▶ **TRY IT**
Only the lines that hold "list" should be in the answer, each copied from the data below.

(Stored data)
***

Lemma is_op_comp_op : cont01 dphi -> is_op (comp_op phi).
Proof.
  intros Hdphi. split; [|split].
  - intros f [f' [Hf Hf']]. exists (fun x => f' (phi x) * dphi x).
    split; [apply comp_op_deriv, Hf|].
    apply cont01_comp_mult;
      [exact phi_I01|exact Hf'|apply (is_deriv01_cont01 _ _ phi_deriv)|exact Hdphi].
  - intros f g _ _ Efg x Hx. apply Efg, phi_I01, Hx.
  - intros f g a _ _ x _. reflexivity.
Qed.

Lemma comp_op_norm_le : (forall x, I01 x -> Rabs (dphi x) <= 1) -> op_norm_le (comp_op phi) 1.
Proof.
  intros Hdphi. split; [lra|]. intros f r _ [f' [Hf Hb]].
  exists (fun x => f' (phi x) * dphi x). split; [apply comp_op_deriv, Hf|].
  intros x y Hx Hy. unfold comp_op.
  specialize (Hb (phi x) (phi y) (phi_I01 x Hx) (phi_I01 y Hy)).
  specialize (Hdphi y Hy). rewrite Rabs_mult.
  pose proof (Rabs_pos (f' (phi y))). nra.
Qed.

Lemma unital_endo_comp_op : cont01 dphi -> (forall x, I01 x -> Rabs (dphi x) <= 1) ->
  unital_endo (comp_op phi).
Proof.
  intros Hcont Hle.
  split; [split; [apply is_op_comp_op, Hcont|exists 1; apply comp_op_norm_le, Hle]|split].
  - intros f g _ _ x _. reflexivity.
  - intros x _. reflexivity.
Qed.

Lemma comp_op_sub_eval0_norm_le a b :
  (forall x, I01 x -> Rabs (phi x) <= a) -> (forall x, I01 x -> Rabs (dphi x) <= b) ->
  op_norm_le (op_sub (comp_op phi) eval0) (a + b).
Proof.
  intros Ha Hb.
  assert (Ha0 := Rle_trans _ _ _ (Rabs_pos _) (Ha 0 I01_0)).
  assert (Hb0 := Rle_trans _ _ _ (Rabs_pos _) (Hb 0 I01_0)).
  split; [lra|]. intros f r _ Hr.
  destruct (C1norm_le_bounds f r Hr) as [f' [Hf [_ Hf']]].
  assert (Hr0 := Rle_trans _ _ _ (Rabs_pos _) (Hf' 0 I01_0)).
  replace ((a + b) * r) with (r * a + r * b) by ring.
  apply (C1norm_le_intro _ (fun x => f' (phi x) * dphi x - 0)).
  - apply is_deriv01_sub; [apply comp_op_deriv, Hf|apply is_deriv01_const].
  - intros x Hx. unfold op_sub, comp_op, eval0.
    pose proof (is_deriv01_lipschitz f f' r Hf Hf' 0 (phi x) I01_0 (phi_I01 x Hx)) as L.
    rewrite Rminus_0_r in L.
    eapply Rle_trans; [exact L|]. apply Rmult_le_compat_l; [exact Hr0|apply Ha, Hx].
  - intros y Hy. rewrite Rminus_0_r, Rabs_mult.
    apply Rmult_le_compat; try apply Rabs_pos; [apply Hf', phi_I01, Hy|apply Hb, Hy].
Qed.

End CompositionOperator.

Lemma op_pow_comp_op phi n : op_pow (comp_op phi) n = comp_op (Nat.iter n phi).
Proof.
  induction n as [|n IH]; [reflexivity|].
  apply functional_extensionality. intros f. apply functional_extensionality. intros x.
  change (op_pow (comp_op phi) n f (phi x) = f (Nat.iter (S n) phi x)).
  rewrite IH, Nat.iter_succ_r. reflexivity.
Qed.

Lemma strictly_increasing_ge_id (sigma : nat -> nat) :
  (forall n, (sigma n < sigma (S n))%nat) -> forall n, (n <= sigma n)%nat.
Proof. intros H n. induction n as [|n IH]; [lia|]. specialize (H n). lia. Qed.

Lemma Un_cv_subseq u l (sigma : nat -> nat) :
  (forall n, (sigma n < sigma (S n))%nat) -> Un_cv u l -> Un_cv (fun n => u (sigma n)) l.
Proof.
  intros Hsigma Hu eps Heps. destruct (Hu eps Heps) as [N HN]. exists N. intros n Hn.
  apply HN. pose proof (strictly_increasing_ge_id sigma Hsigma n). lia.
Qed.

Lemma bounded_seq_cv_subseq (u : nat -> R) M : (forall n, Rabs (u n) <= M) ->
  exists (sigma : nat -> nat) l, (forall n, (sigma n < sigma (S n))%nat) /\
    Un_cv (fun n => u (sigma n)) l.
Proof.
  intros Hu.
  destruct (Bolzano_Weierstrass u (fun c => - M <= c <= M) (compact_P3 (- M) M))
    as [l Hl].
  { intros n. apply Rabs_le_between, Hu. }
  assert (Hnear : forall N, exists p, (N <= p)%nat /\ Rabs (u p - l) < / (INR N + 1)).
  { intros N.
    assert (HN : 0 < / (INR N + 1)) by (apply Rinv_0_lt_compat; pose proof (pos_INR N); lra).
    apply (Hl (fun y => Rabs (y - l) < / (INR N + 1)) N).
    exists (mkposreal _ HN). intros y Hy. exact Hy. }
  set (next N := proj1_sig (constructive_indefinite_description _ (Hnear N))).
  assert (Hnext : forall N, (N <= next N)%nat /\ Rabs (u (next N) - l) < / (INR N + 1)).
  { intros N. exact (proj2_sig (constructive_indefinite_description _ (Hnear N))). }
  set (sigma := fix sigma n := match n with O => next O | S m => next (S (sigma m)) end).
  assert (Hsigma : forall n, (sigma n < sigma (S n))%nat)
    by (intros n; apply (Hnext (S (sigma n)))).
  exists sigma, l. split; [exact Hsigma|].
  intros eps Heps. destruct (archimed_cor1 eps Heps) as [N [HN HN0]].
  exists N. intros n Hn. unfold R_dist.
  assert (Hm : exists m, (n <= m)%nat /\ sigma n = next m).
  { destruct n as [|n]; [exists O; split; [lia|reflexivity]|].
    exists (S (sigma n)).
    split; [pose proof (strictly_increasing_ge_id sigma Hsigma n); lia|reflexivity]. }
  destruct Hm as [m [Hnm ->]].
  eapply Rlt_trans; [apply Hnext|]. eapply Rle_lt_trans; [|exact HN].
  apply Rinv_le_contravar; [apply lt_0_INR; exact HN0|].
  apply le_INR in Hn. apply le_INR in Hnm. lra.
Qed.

***

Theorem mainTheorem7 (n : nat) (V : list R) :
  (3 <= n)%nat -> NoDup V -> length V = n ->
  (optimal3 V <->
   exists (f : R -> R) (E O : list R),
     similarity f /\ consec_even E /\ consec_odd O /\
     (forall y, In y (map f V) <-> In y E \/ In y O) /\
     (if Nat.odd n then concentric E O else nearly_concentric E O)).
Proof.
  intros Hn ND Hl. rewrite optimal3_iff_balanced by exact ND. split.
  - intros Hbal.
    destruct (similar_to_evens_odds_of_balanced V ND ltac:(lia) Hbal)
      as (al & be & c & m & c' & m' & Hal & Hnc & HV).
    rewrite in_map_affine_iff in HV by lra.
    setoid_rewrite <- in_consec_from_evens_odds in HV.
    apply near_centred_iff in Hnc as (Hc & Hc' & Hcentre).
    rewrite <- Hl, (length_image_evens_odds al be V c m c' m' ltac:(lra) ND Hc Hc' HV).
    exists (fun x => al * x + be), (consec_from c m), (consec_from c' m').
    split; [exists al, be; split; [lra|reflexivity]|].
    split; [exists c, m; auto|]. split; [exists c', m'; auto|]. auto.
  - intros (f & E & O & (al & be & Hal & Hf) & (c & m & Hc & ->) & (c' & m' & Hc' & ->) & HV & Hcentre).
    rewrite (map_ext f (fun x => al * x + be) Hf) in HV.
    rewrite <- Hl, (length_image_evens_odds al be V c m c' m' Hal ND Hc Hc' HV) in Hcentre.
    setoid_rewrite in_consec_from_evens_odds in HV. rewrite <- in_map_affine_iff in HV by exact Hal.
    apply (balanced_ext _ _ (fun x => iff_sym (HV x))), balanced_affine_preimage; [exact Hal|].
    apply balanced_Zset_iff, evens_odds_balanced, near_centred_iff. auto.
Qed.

***

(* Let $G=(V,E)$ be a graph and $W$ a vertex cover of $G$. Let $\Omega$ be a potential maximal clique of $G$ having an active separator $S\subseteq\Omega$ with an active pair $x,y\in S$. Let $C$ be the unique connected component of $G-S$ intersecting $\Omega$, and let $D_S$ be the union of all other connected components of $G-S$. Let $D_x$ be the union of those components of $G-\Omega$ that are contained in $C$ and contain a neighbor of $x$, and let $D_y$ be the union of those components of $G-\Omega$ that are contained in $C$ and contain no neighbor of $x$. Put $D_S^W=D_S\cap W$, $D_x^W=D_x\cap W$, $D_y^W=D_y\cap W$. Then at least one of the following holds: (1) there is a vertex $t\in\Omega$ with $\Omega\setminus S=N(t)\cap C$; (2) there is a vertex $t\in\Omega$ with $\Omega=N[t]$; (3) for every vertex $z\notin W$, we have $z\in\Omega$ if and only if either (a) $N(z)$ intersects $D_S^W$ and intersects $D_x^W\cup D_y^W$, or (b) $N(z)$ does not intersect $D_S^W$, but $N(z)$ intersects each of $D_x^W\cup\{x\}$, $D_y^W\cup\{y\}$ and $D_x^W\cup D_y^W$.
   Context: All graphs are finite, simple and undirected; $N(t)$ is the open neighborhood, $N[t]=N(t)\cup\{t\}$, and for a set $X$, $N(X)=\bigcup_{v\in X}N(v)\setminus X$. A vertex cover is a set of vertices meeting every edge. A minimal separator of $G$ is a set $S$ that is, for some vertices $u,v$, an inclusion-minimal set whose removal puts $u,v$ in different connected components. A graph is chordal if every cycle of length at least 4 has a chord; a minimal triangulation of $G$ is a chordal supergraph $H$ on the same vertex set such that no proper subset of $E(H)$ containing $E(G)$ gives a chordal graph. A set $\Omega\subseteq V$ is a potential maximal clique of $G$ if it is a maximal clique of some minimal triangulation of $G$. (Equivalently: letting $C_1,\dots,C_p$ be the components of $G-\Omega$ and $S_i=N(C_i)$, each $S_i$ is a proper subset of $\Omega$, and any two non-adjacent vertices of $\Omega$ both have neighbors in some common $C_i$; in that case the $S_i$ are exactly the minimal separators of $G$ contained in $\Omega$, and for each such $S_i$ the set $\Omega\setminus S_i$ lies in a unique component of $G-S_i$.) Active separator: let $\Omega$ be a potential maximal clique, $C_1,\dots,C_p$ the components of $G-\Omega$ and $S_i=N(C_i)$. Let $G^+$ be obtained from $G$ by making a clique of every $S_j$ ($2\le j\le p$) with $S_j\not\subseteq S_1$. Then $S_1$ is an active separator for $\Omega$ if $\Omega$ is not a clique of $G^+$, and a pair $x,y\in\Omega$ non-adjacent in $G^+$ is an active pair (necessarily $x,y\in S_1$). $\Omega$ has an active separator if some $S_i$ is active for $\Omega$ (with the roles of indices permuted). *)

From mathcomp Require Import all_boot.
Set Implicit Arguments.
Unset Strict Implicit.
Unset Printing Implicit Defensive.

***

▶ **PROBLEM SOLUTION**
Theorem mainTheorem7 (n : nat) (V : list R) :
   exists (f : R -> R) (E O : list R),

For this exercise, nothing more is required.